Paul Biya is not a patient hospitalised in Europe (like Levy Mwanawasa who was long in hospital in Paris before dying). Neither is Biya on annual leave. How many vacations is the president entitled to each year and for how long? These are surely not matters Cameroonians ever have an idea of.
Yet there isn’t a Cameroonian who considers their president’s prolonged stay abroad an acceptable thing. Every African leader who was at the UN with Biya since returned home to work. Needless to talk of European leaders, none of whom stayed more than a day or two at the UN.
Paul Biya’s record over twenty-six years in office does not help his defence. Cameroon suffers a huge development deficit. All development indices point to massive under-achievement. How could the president take a permanent holiday and think that all is well?
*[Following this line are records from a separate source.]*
Theorem lemma2p1 (f : R -> R) (r tau0 : R) (A phi : R -> R)
  (Hfpos : forall x, 0 < f x)
  (Hflip : exists L, forall x y, Rabs (f x - f y) <= L * Rabs (x - y))
  (Hfc1 : exists f' : R -> R,
      (forall x, derivable_pt_lim f x (f' x)) /\ continuity f' /\
      (forall x, f' x <= 0))
  (Hflim : forall eps, 0 < eps -> exists M, forall x, M <= x -> Rabs (f x) < eps)
  (Hr : 0 < r) (Htau0 : 0 <= tau0)
  (HA : forall t, t < r -> continuity_pt A t)
  (Hphi : forall t, t <= 0 -> cont_within (fun s => s <= 0) phi t)
  (HAphi : forall t, t <= 0 -> A t = phi t) :
  (exists tau : R -> R,
     (forall t, 0 <= t < r ->
        0 <= tau t /\
        Rint (fun s => f (A s)) (t - tau t) t = Rint (fun s => f (phi s)) (- tau0) 0)
     /\ (forall tau' : R -> R,
           (forall t, 0 <= t < r ->
              0 <= tau' t /\
              Rint (fun s => f (A s)) (t - tau' t) t = Rint (fun s => f (phi s)) (- tau0) 0) ->
           forall t, 0 <= t < r -> tau' t = tau t)
     /\ (exists dtau : R -> R,
           (forall t, 0 <= t < r ->
              deriv_within (fun s => 0 <= s < r) tau t (dtau t) /\
              cont_within (fun s => 0 <= s < r) dtau t /\
              dtau t = 1 - f (A t) / f (A (t - tau t))))
     /\ tau 0 = tau0)
  /\
  (forall tau : R -> R,
     (forall t, 0 <= t < r -> 0 <= tau t) ->
     (exists dtau : R -> R,
        forall t, 0 <= t < r ->
          deriv_within (fun s => 0 <= s < r) tau t (dtau t) /\
          cont_within (fun s => 0 <= s < r) dtau t /\
          dtau t = 1 - f (A t) / f (A (t - tau t))) ->
     tau 0 = tau0 ->
     forall t, 0 <= t < r ->
       Rint (fun s => f (A s)) (t - tau t) t = Rint (fun s => f (phi s)) (- tau0) 0).
Proof.
  destruct Hfc1 as [f' [Hf' _]].
  set (g := fun s => f (A s)).
  assert (g_cont : forall x, x < r -> continuity_pt g x).
  { intros x Hx. apply (continuity_pt_comp A f); [now apply HA|].
    apply derivable_continuous_pt. exists (f' (A x)). apply Hf'. }
  assert (g_pos : forall x, 0 < g x) by (intros; apply Hfpos).
  assert (Rint_g : forall a b, a < r -> b < r -> Rint g a b = RInt g a b).
  { intros a b Ha Hb. apply Rint_RInt. now apply (ex_RInt_below g r g_cont). }
  assert (Rint_phi : Rint (fun s => f (phi s)) (- tau0) 0 = RInt g (- tau0) 0).
  { assert (Heq : forall x, Rmin (- tau0) 0 < x < Rmax (- tau0) 0 -> g x = f (phi x)).
    { intros x Hx. rewrite Rmax_right in Hx by lra. unfold g. rewrite HAphi; lra. }
    rewrite Rint_RInt; [symmetry; now apply RInt_ext|].
    apply (ex_RInt_ext g _ _ _ Heq), (ex_RInt_below g r g_cont); lra. }
  split.
  - exists (delay g r tau0). split; [|split; [|split]].
    + intros t Ht. destruct (delay_spec g r Hr g_cont g_pos tau0 Htau0 t Ht) as [Hpos HI].
      split; [exact Hpos|]. rewrite Rint_phi, Rint_g by lra. exact HI.
    + intros tau' Htau' t Ht. destruct (Htau' t Ht) as [Hpos HI].
      rewrite Rint_phi, Rint_g in HI by lra.
      now apply (delay_unique g r Hr g_cont g_pos tau0 Htau0).
    + exists (fun t => 1 - g t / g (lag g r tau0 t)). intros t Ht. split; [|split].
      * apply deriv_within_of_derivable_pt_lim. now apply delay_derive.
      * apply cont_within_of_continuity_pt. now apply delay_derivative_continuity_pt.
      * unfold delay. now replace (t - (t - lag g r tau0 t)) with (lag g r tau0 t) by ring.
    + now apply delay_0.
  - intros tau Hpos [dtau Hode] Htau0' t Ht.
    rewrite Rint_phi, Rint_g by (pose proof (Hpos t Ht); lra).
    apply (RInt_of_ODE g r Hr g_cont g_pos tau0 Htau0 tau dtau); [|exact Htau0'|exact Ht].
    intros s Hs. destruct (Hode s Hs) as [Hd [_ Heq]]. now repeat split; [apply Hpos| |].
Qed.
Is he himself well and in touch with the reality of Cameroon?
Presently every African country is struggling to cope with the world-wide phenomenon of hiking prices of food and essential commodities as well as other pressing problems of health and education. How could Paul Biya be so unconcerned about the trauma that the daily lives of Cameroonians have since become?
Armed assailants
Upon these daily problems of hardship, the country itself is gradually slipping into insecurity. Last month well-armed assailants emerged from the sea in Limbe and sacked four banks, successfully ripping away the strong-room safe of one of the banks.
As one more evidence of the country’s lack of leadership due to Biya’s absence, the government has not as much as set an inquiry into the terrifying incident. Last week the prime minister was still promising one. In the meantime the offices of four army generals caught fire, consuming vital documents – another criminal act of insecurity.
Last week government forces provoked Nigerian rebels in Bakassi and misled the public by claiming they sank a rebel boat. The report was intended to raise the image of government soldiers that have in recent months suffered humiliation in the hands of Nigerian rebels. Again the leadership vacuum caused by Biya’s prolonged absences is responsible for such questionable acts.
None of these problems bothers Paul Biya to return home and take matters into his own hands as head of state. He claims that he directs the country from abroad. He has even been quoted as having told a European newspaper last year that he feels a lot better working from abroad than from home!
Imagine Nicolas Sarkozy setting up office in the US and telling the French he wants to work from there! How would national pride and sovereignty allow such outrageousness? Calls for immediate resignation and motions of impeachment would certainly follow. Yet that is what Paul Biya makes Cameroonians believe is normal!
Upon the well-established charge of absolute fatigue, it is further certain that Paul Biya doesn’t really love Cameroon. Isn’t it a shame that he sees nothing wrong in wanting to live abroad and operate Cameroon from there?
We are in no doubt that there now exists a strong case against the president wanting to continue in office. He is not fit; not even to continue to the end of his present mandate in 2011.
This newspaper urges the president to respect Cameroonians and prepare a proper election in the nearest future so that Cameroonians could for once freely elect their next leader to begin the long process of recovering Cameroon from the abyss where it is now.
We call upon the true friends of Cameroon viz: the US, EU, France and Britain, among others, to understand this position and urge Biya to accept that he is no longer capable to meet the challenges of leadership.